Appeal by the defendant from a judgment of the County Court, Nassau County (Boklan, J.), rendered August 6, 1987, convicting him of vehicular manslaughter, vehicular assault, assault in the second degree, criminally negligent homicide and operating a motor vehicle under the influence of alcohol (two counts), upon a jury verdict, and imposing sentence.
Ordered that the judgment is affirmed, and the matter is remitted to the County Court, Nassau County, for further proceedings pursuant to CPL 460.50 (5).
Shortly after dusk on September 7, 1985, the defendant picked up his friend, Michael LaRocca, in Inwood to attend a nearby festival. Just after paying the toll and crossing over the Atlantic Beach bridge, the defendant accelerated his pickup truck through a red light, sideswiped an oncoming car, went out of control and careened head-on into another vehicle. The collision killed the driver of the second car and seriously and permanently injured the passenger. Rescuers found the defendant on the floor of his truck and LaRocca lying across the seat. The defendant was charged under the instant indictment, inter alia, with vehicular manslaughter, vehicular assault and operating a motor vehicle while under the influence of alcohol. At trial, the defense theory was that LaRocca was driving the defendant’s truck at the time of the collision. The jury found the defendant guilty on all counts of the indictment.
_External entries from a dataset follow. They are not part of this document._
(* Let $\mathfrak g(V,\omega,D)$ be a generalized oscillator algebra satisfying (C1) $Q(x,y):=\omega(Dx,y)$ is positive definite, (C2) all functionals $\omega(x,\cdot)$, $x\in V$, are $Q$-continuous, and (C3) the map $\eta:V\to V_Q$, $Q(\eta(x),y)=\omega(x,y)$, is continuous, where $V_Q$ is the Hilbert completion of $(V,Q)$ containing $V$ as a dense subspace. Put $\kappa(x,y):=Q(\eta(x),\eta(y))$ for $x,y\in V$, and let $\overline D$ denote the closure in $V_Q$ of $D$ regarded as an unbounded operator with domain $V$. Then $\eta(V)$ lies in the domain of $\overline D$, the map $\eta:(V,\kappa)\to(\eta(V),Q)$ is isometric and extends to an isomorphism $\hat\eta:V_\kappa\to V_Q$ of real Hilbert spaces, and $\eta$ intertwines the unbounded operator $D:V\to V_\kappa$ with the operator $\overline D|_{\eta(V)}=\eta^{-1}:\eta(V)\to V\subseteq V_Q$. Moreover, the closure of $D$ in $V_\kappa$ is injective with dense range.
   Context: $(V,\omega)$: real locally convex space with continuous non-degenerate alternating form $\omega$; $\gamma:\mathbb R\to\mathrm{Sp}(V,\omega)$ defines a smooth action, $D=\gamma'(0)$; $\mathfrak g(V,\omega,D)=\mathbb R\times V\times\mathbb R$ with bracket $[(z,v,t),(z',v',t')]=(\omega(v,v'),tDv'-t'Dv,0)$. A linear form $\beta$ on $V$ is $Q$-continuous if $\sup\{\beta(v):Q(v,v)\le1\}<\infty$. $V_\kappa$ denotes the Hilbert completion of $(V,\kappa)$. *)

From HB Require Import structures.
From mathcomp Require Import all_boot all_order all_algebra.
From mathcomp Require Import all_classical all_reals all_analysis.
Import Order.TTheory GRing.Theory Num.Theory.
Set Implicit Arguments. Unset Strict Implicit. Unset Printing Implicit Defensive.
Local Open Scope classical_set_scope.
Local Open Scope ring_scope.

(** Bastiani C^k maps between (locally convex) topological vector spaces,
    defined via the tangent map: f is C^0 if continuous; f is C^(k+1) if it is
    continuous, all directional derivatives
      df(x,h) = lim_{t -> 0, t <> 0} t^-1 (f (x + t h) - f x)
    exist, and df : E x E -> F is C^k. *)
Fixpoint Ck (R : realType) (k : nat) : forall (E F : tvsType R), (E -> F) -> Prop :=
  match k with
  | 0 => fun E F f => continuous f
  | k.+1 => fun E F f => continuous f /\
      exists df : (E * E)%type -> F,
        (forall x h, (fun t : R => t^-1 *: (f (x + t *: h) - f x)) @ 0^' --> df (x, h))
        /\ @Ck R k (E * E)%type F df
  end.

Definition smooth (R : realType) (E F : tvsType R) (f : E -> F) : Prop :=
  forall k, Ck k f.

Definition symplectic_form (R : realType) (V : tvsType R) (omega : V -> V -> R) : Prop :=
  [/\ (forall a x y z, omega (a *: x + y) z = a * omega x z + omega y z),
      (forall a x y z, omega z (a *: x + y) = a * omega z x + omega z y),
      (forall x, omega x x = 0),
      continuous (fun p : V * V => (omega p.1 p.2 : R^o))
    & (forall x, (forall y, omega x y = 0) -> x = 0)].

(** gamma : R -> Sp(V, omega) is a group homomorphism into the continuous linear
    omega-preserving maps (invertibility follows from the group law) and the
    action map R x V -> V, (t,v) |-> gamma t v, is smooth. *)
Definition smooth_symplectic_action (R : realType) (V : tvsType R)
    (omega : V -> V -> R) (gamma : R -> V -> V) : Prop :=
  [/\ (forall t a x y, gamma t (a *: x + y) = a *: gamma t x + gamma t y),
      (forall t, continuous (gamma t)) /\
      (forall t x y, omega (gamma t x) (gamma t y) = omega x y),
      (forall x, gamma 0 x = x),
      (forall s t x, gamma (s + t) x = gamma s (gamma t x))
    & smooth (fun p : (R^o * V)%type => gamma p.1 p.2)].

Definition is_generator (R : realType) (V : tvsType R) (gamma : R -> V -> V)
    (D : V -> V) : Prop :=
  forall x, (fun t : R => t^-1 *: (gamma t x - x)) @ 0^' --> D x.

Definition Qform (R : realType) (V : tvsType R) (omega : V -> V -> R) (D : V -> V)
  (x y : V) : R := omega (D x) y.

Definition Q_continuous (R : realType) (V : Type) (Q : V -> V -> R) (beta : V -> R) : Prop :=
  exists M : R, forall v, Q v v <= 1 -> beta v <= M.

Definition inner_product (R : realType) (H : normedModType R) (ip : H -> H -> R) : Prop :=
  [/\ (forall a u v w, ip (a *: u + v) w = a * ip u w + ip v w),
      (forall u v, ip u v = ip v u)
    & (forall u, ip u u = `|u| ^+ 2)].

(** (H, ip) is a real Hilbert space and iota : V -> H a linear map identifying
    (V, B) with a dense subspace of H: H is "the" Hilbert completion of (V,B). *)
Definition hilbert_completion (R : realType) (V : lmodType R) (B : V -> V -> R)
    (H : completeNormedModType R) (ip : H -> H -> R) (iota : V -> H) : Prop :=
  [/\ inner_product ip,
      (forall a x y, iota (a *: x + y) = a *: iota x + iota y),
      (forall x y, ip (iota x) (iota y) = B x y)
    & closure (range iota) = setT].

Definition closed_graph (V : Type) (H1 H2 : topologicalType)
    (iota1 : V -> H1) (iota2 : V -> H2) (T : V -> V) : set (H1 * H2) :=
  closure (range (fun x => (iota1 x, iota2 (T x)))).

Definition is_graph (H1 H2 : Type) (G : set (H1 * H2)) : Prop :=
  forall a b c, G (a, b) -> G (a, c) -> b = c.

Definition op_range (H1 H2 : Type) (G : set (H1 * H2)) : set H2 :=
  [set b | exists a, G (a, b)].

Definition kappa (R : realType) (V H : Type) (ip : H -> H -> R) (eta : V -> H)
  (x y : V) : R := ip (eta x) (eta y).

(* D is skew for Q because gamma preserves omega.  For r orthogonal in V_Q to
   the range of D + s (s <> 0), the orbit function t |-> Q(r, gamma_t y) is a
   bounded solution of f' = -s f, hence zero; so D + 1 and D - 1 have dense
   range.  A minimizing sequence for the distance to the range of D - 1 then
   yields, for every w in V_Q, a point (u, v) of the graph of the closure of D
   with v - u = w; taking w = x - eta x and using Q(eta x, D y) = -Q(x, y)
   gives (eta x, x) in that graph.  Since eta (D x) = x and eta is isometric
   from kappa to Q, eta extends to a unitary V_kappa -> V_Q under which D has
   dense range in V_kappa, and skewness makes its closure injective. *)

From HB Require Import structures.
From mathcomp Require Import all_boot all_order all_algebra.
From mathcomp Require Import all_classical all_reals all_analysis.
From mathcomp Require Import ring lra.
Import Order.TTheory GRing.Theory Num.Theory.
Import numFieldNormedType.Exports.
Local Open Scope classical_set_scope.
Local Open Scope ring_scope.
Set Implicit Arguments. Unset Strict Implicit. Unset Printing Implicit Defensive.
On this appeal, the defendant contends that the People violated the principles of Brady v Maryland (373 US 83) by failing to turn over, until the eve of trial, a statement given to the police by the toll collector which indicated that the driver *573of the defendant’s truck had dark hair (the defendant was blond and LaRocca had dark hair). We disagree and find that the defense was afforded an ample opportunity to utilize the statement effectively at trial and that he, in fact, did so (see, People v Simmons, 36 NY2d 126; People v Bolling, 157 AD2d 733). Defense counsel received the statement two days before the witness testified and used it in cross-examining the toll collector in an attempt to discredit her trial testimony that the driver had blond hair. In addition, the detective who interviewed the toll collector was called as a defense witness and questioned about the statement. "[A] defendant’s constitutional right to a fair trial is not violated when, as here, he is given a meaningful opportunity to use the allegedly exculpatory material to cross-examine the People’s witness[es] or as evidence during his case” (People v Cortijo, 70 NY2d 868, 870; see, People v Brown, 67 NY2d 555, cert denied 479 US 1093).
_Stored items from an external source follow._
Lemma num_alt231_odd_rec i : num_alt231_odd i.+1 =
  \sum_(j < i.+1) num_alt231_odd j * num_alt231_odd (i - j).
Proof.
rewrite /num_alt231_odd -count_predT doubleS count_alt231_seqs_rec.
rewrite (_ : (i.*2.+3)./2 = i.+1); last by rewrite -doubleS /= uphalf_double.
apply: eq_bigr => j _; rewrite (_ : i.*2.+2 - j.*2.+1 = (i - j).*2.+1); last first.
  by have := ltn_ord j; lia.
rewrite (eq_bigr (fun=> size (alt231_seqs (i - j).*2.+1))) => [|a _]; last exact: count_predT.
by rewrite big_const_seq count_predT iter_addn_0 mulnC.
Qed.

Lemma num_alt231_last_even_rec (n v : nat) : num_alt231_last n.+1.*2 v =
  \sum_(j < n.+1) num_alt231_odd j *
    (if j.*2.+1 <= v then num_alt231_last (n - j).*2 (v - j.*2.+1) else 0).
Proof.
rewrite /num_alt231_last doubleS count_alt231_seqs_rec -doubleS half_double.
apply: eq_bigr => j _; rewrite (_ : n.*2.+1 - j.*2.+1 = (n - j).*2); last first.
  by have := ltn_ord j; lia.
set c := if _ then _ else _.
rewrite (eq_big_seq (fun=> c)) => [|a /mem_alt231_seqs [_ sa _ _ _]].
  by rewrite big_const_seq count_predT iter_addn_0 mulnC.
rewrite /c /num_alt231_last; case: ltnP => hv.
  apply: eq_in_count => b /mem_alt231_seqs [_ sb _ _ _].
  by rewrite /= last_join_max sa sb; apply/eqP/eqP; lia.
rewrite (eq_count (a2 := pred0)) ?count_pred0 // => b /=.
by rewrite last_join_max sa; apply/eqP; lia.
Qed.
The defendant further claims that he was denied a fair trial when the prosecutor introduced, on LaRocca’s redirect examination, portions of his Grand Jury testimony indicating that the defendant was driving the truck. Because the defendant failed to sufficiently object to the admission of this testimony, his present claim is unpreserved for appellate review (see, CPL 470.05 [2]). In any event, defense counsel "opened the door” to this issue by questioning this witness on cross-examination about the one instance in his prior testimony where he referred to the driver as "I”. As such, the prosecutor properly used the remainder of LaRocca’s Grand Jury testimony on this issue in order to explain and clarify the apparent inconsistency (see, People v Melendez, 55 NY2d 445).
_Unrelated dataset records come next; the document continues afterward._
(* Let $\mathcal{X}=\{1,\ldots,n\}$, let $p=(p(1),\ldots,p(n))$ be a probability vector with $p(1)\geq\cdots\geq p(n)>0$ (the prior of $X$), and let $k<n$ be a positive integer. Let $j^*:=\min\{j:1\leq j\leq k,\ p(j)\leq \sum_{i=j}^n p(i)/(k-j+1)\}$ and let $\pi=(\pi_1,\ldots,\pi_k)$ with $\pi_l=p(l)$ for $l\leq j^*-1$ and $\pi_l=\sum_{i=j^*}^n p(i)/(k-j^*+1)$ for $j^*\leq l\leq k$. Then for every generalised entropy $(\eta,F)$ and every feasible channel, $H(X\mid Y)\leq H(\pi)=\eta(F(\pi))$.
   Context: Generalised entropy: a pair $(\eta,F)$ where $F$ is a bounded real-valued function on probability vectors of every finite length that is symmetric (unchanged by permuting entries) and expansible (unchanged by appending zero entries), and $\eta$ is a real function, such that either $\eta$ is increasing and $F$ concave, or $\eta$ is decreasing and $F$ convex. $H(X\mid Y)=\eta\big(\sum_{y:\,p(y)>0}p(y)F(p_{X\mid y})\big)$ with $p_{X\mid y}=(p(x\mid y))_{x\in\mathcal{X}}$. A channel is a discrete output set $\mathcal{Y}$ with conditional probabilities $p(y\mid x)\geq0$, $\sum_y p(y\mid x)=1$; $Y$ is its output when the input is $X\sim p$, with $p(y)=\sum_x p(x)p(y\mid x)$ and $p(x\mid y)=p(x)p(y\mid x)/p(y)$. The pre-image of $y$ is $\{x:p(y\mid x)>0\}$; the channel is feasible if every pre-image has at most $k$ elements. *)

From HB Require Import structures.
From mathcomp Require Import all_boot all_order all_algebra.
From mathcomp Require Import all_classical all_reals all_analysis.
Set Implicit Arguments. Unset Strict Implicit. Unset Printing Implicit Defensive.
Import Order.TTheory GRing.Theory Num.Theory.
Import numFieldNormedType.Exports.
Local Open Scope classical_set_scope.
Local Open Scope ring_scope.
Nor do we find that the defendant was denied the effective assistance of counsel. In this regard we note that the case turned on the issue of who was driving the truck at the time of the accident. To this end, counsel thoroughly cross-examined LaRocca, the People’s key witness, as well as the other prosecution witnesses, and presented expert and other testimony in an attempt to show that LaRocca was driving. That the jury ultimately believed the People’s witnesses over the defendant’s witnesses does not render defense counsel’s representation less than meaningful (see, People v Baldi, 54 NY2d 137).
The defendant’s remaining contentions are unpreserved for appellate review or without merit. Thompson, J. P., Brown, Eiber and O’Brien, JJ., concur.